[Dataset entries]
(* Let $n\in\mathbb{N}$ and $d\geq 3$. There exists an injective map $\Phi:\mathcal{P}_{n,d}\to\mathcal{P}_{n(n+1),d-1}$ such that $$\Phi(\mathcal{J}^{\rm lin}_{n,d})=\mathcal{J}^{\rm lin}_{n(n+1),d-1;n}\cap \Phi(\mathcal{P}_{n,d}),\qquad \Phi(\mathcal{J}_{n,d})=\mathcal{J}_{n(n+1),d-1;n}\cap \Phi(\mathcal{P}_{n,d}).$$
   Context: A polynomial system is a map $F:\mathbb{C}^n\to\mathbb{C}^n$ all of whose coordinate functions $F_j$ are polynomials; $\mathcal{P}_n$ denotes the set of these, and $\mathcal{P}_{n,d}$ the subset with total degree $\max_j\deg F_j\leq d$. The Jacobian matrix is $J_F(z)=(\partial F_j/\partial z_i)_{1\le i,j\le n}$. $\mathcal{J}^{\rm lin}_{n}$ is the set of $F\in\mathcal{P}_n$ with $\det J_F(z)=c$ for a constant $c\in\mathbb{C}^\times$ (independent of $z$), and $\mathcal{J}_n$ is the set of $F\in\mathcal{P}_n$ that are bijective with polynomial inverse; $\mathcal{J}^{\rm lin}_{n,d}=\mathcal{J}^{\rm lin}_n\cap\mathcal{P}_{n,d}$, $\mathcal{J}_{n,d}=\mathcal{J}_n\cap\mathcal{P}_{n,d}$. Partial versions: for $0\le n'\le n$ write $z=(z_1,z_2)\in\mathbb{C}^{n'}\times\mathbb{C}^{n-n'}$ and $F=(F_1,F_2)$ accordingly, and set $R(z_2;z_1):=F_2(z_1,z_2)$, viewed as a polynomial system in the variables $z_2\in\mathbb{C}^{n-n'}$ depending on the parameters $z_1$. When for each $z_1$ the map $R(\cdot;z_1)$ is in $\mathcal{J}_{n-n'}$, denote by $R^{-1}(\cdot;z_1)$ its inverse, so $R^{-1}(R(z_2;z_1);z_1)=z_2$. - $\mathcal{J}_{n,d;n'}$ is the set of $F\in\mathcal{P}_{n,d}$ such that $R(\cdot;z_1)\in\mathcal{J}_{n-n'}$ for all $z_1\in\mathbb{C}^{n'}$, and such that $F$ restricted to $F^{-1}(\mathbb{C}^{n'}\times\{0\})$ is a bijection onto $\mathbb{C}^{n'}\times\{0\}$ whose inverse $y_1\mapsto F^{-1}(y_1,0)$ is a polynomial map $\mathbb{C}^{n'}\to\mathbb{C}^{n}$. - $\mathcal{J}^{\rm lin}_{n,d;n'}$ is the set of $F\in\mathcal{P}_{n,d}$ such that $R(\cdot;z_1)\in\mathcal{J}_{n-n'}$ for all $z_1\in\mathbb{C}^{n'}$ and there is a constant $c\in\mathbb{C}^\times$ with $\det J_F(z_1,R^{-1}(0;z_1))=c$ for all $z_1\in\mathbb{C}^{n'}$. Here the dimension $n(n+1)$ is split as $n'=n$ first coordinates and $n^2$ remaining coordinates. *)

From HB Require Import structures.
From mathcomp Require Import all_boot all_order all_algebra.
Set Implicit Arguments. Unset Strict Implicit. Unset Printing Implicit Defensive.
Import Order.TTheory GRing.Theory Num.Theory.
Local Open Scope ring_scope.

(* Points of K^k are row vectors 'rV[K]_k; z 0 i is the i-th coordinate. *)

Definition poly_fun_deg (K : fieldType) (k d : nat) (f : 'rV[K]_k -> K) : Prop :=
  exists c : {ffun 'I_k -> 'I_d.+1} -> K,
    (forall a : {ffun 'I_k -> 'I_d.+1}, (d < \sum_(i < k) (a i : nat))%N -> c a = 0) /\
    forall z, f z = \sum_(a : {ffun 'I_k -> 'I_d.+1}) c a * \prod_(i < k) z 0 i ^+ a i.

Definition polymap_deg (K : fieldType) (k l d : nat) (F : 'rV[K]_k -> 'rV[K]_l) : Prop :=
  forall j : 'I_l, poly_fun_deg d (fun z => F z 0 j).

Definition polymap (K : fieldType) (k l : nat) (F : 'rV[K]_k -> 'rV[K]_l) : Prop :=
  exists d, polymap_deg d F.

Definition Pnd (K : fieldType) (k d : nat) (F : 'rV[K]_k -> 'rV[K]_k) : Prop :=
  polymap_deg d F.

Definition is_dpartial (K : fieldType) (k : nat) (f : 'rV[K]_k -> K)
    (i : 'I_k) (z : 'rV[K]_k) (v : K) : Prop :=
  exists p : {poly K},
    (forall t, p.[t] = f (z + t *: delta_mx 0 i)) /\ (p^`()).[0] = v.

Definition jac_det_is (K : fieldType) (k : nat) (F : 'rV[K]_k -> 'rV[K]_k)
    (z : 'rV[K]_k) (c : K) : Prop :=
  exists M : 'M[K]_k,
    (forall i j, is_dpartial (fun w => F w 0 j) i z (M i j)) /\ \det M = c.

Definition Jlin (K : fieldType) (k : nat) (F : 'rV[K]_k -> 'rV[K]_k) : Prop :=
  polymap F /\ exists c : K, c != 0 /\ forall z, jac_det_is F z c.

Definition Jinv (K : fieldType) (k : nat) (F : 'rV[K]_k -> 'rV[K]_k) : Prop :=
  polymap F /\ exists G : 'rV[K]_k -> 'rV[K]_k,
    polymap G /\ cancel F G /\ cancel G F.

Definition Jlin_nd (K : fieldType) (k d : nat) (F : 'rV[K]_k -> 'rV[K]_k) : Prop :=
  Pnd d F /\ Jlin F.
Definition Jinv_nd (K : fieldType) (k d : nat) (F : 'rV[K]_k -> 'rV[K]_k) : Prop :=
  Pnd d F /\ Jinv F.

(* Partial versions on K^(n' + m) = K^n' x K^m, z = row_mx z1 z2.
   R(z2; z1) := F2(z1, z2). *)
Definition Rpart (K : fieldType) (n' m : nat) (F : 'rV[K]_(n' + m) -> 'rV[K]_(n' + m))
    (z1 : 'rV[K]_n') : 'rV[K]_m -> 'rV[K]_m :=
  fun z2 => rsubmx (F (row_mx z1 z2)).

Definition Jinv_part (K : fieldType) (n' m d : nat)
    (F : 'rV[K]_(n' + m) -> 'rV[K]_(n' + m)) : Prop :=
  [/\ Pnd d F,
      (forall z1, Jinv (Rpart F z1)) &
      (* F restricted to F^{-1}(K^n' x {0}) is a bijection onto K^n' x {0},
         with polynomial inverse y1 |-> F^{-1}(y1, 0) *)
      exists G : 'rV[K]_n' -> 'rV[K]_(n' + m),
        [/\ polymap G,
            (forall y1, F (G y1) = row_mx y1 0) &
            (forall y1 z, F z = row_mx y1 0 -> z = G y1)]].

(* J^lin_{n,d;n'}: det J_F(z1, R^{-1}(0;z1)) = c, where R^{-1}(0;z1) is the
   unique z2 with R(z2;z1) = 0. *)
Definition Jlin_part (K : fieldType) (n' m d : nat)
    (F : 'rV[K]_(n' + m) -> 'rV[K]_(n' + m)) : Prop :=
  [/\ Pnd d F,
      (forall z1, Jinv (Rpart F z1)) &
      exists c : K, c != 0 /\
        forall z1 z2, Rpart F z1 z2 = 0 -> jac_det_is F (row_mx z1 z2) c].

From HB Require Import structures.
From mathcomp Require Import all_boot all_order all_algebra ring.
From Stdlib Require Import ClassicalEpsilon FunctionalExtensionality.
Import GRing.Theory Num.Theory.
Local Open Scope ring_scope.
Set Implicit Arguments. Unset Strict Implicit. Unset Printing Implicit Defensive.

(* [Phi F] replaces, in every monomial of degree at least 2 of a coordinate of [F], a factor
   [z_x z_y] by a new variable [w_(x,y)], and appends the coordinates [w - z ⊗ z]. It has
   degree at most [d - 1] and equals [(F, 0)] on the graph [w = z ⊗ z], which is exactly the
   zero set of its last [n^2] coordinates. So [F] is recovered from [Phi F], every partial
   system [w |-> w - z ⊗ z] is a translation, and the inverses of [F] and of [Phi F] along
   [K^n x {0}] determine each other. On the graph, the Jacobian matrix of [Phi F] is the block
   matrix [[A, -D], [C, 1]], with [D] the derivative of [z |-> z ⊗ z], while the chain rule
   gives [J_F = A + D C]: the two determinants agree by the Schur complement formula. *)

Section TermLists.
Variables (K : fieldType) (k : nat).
* * *
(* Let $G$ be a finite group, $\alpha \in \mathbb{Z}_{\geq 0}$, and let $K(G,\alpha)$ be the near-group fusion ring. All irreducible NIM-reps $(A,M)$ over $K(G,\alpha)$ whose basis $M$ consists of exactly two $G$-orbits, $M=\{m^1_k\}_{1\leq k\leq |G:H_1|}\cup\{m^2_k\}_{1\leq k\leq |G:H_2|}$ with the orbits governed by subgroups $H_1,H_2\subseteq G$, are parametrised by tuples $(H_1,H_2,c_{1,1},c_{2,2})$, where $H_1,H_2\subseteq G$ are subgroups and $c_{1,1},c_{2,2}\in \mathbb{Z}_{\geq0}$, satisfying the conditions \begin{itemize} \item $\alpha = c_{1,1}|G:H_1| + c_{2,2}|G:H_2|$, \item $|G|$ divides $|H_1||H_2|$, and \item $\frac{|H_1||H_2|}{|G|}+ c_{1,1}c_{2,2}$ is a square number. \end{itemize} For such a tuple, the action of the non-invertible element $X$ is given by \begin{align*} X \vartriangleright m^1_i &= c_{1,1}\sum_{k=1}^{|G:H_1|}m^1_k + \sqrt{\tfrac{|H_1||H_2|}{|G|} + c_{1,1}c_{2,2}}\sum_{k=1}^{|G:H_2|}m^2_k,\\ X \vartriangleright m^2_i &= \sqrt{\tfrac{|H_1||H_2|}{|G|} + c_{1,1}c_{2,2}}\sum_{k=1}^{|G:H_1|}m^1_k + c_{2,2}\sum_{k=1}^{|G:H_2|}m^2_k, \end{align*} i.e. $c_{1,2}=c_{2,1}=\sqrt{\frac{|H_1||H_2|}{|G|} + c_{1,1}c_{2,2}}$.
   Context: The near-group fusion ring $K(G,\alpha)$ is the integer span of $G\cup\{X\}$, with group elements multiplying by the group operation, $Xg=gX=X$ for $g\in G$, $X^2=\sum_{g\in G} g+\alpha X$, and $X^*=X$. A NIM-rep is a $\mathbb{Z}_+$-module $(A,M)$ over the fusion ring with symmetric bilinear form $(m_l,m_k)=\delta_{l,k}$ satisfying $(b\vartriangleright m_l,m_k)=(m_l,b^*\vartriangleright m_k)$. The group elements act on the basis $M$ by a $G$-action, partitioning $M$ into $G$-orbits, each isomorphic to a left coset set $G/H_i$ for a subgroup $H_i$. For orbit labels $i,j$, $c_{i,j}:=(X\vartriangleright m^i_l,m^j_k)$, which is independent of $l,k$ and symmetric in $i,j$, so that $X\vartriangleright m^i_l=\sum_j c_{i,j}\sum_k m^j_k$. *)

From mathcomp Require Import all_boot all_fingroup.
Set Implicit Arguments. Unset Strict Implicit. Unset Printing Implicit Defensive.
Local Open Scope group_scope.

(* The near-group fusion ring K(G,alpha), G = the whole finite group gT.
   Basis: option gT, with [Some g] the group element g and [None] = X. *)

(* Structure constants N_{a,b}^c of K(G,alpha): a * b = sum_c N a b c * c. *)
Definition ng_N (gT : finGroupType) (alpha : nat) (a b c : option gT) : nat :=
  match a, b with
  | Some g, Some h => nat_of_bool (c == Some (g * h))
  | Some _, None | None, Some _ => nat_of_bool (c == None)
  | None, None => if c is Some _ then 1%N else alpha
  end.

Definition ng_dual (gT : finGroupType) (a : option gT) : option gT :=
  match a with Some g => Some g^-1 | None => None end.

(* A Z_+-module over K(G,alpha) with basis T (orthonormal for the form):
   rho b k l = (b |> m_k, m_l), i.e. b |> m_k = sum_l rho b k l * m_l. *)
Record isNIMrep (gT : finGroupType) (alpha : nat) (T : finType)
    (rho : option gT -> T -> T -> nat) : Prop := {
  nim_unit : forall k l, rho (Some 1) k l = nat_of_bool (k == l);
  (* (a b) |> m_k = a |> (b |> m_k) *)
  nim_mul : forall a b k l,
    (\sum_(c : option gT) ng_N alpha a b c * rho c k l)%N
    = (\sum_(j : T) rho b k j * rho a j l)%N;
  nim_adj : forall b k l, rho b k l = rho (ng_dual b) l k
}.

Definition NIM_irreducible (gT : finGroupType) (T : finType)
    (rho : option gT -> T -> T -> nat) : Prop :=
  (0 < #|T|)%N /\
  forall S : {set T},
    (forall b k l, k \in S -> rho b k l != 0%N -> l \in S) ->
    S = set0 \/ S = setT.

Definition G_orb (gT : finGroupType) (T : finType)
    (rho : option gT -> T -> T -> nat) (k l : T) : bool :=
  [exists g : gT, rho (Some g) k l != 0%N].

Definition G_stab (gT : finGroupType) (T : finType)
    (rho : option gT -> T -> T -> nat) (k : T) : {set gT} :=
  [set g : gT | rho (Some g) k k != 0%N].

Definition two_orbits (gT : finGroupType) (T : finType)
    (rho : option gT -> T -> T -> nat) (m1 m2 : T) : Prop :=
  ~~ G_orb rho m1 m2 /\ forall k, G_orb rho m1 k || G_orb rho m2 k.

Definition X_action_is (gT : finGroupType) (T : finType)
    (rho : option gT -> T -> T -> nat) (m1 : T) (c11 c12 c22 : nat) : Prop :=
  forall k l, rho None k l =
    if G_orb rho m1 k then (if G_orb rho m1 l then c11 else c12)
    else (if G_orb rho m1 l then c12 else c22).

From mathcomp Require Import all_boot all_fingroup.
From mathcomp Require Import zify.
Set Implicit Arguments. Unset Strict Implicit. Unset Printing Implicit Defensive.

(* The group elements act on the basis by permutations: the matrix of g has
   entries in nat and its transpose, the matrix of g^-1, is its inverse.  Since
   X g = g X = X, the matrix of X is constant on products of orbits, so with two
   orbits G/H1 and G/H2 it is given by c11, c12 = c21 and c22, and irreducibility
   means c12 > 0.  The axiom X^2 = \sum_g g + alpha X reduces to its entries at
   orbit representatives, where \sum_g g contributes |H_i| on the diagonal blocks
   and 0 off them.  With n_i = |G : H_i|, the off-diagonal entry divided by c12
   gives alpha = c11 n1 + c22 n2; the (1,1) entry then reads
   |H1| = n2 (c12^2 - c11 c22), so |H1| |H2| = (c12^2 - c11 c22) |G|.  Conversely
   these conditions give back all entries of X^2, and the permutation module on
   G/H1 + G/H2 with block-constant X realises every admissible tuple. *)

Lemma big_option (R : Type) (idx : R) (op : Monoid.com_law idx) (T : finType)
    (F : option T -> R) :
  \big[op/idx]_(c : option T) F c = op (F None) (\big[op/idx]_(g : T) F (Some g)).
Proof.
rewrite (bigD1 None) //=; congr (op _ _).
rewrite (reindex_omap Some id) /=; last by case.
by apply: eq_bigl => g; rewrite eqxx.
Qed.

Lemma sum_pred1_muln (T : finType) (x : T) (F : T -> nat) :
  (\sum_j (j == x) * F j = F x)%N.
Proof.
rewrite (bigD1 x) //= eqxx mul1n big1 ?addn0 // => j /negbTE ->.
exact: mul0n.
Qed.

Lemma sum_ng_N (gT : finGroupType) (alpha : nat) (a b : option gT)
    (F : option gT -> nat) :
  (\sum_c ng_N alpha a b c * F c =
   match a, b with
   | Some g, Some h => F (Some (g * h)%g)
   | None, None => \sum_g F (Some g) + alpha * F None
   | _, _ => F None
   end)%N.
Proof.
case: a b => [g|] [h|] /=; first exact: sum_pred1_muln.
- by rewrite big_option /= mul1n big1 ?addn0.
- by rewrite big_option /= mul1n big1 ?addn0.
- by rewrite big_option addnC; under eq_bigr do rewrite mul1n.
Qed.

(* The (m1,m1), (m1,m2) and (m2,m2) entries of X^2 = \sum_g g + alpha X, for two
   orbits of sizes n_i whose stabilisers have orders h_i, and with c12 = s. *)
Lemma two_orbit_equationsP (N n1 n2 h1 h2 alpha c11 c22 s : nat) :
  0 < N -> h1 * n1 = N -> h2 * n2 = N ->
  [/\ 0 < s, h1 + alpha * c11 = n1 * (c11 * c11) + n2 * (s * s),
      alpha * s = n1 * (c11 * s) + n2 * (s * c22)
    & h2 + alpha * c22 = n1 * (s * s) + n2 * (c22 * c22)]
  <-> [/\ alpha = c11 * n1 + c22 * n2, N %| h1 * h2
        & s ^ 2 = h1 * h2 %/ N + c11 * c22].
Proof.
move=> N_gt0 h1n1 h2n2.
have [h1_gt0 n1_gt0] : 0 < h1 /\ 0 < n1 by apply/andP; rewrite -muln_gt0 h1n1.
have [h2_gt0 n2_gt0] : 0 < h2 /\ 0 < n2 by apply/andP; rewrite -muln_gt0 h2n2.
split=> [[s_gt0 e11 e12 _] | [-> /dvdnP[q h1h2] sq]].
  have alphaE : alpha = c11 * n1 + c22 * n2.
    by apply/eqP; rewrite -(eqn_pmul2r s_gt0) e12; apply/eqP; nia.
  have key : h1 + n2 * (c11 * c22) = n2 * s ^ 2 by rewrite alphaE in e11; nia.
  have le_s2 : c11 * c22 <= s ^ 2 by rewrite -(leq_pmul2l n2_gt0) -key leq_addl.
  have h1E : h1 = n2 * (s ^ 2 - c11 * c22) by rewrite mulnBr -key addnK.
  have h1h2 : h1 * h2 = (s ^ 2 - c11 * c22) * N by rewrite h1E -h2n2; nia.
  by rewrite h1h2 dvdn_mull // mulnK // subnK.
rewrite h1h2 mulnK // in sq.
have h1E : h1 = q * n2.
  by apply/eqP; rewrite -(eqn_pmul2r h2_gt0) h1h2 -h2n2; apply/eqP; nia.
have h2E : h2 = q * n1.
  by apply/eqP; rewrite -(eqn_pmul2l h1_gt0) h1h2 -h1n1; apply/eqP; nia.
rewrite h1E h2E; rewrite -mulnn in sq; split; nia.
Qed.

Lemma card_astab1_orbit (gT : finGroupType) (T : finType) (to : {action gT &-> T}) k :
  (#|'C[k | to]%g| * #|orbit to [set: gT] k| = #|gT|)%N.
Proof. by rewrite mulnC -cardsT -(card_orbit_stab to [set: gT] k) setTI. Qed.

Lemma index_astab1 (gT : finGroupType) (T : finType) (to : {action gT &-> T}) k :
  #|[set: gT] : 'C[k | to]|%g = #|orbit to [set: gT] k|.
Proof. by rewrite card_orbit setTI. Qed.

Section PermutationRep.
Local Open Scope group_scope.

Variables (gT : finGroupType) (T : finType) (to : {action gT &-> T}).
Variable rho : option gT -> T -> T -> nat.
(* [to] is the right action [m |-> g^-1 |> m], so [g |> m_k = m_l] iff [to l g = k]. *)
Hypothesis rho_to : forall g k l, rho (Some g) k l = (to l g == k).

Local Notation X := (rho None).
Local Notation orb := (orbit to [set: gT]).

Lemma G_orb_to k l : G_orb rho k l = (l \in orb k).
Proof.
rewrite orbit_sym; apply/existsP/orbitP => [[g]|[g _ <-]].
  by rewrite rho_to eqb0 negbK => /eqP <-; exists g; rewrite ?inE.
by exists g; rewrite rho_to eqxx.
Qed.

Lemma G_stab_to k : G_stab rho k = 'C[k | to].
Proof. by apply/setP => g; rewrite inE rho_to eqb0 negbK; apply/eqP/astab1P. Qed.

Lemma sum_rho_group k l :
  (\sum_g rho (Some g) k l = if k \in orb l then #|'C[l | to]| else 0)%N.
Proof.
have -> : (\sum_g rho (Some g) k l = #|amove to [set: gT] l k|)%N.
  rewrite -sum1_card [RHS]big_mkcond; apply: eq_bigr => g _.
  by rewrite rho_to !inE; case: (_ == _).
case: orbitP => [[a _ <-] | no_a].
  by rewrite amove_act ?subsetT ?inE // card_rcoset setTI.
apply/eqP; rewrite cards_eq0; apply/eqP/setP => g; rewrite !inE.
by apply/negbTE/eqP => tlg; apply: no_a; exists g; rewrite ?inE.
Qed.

ACTIVITY =>
Restate word for word the entries above, starting at the line with "Import GRing.Theory Num.Theory." and ending at the line with "zero set of", inclusive, and no others.

WRITTEN REPLY =>
Import GRing.Theory Num.Theory.
Local Open Scope ring_scope.
Set Implicit Arguments. Unset Strict Implicit. Unset Printing Implicit Defensive.

(* [Phi F] replaces, in every monomial of degree at least 2 of a coordinate of [F], a factor
   [z_x z_y] by a new variable [w_(x,y)], and appends the coordinates [w - z ⊗ z]. It has
   degree at most [d - 1] and equals [(F, 0)] on the graph [w = z ⊗ z], which is exactly the
   zero set of its last [n^2] coordinates. So [F] is recovered from [Phi F], every partial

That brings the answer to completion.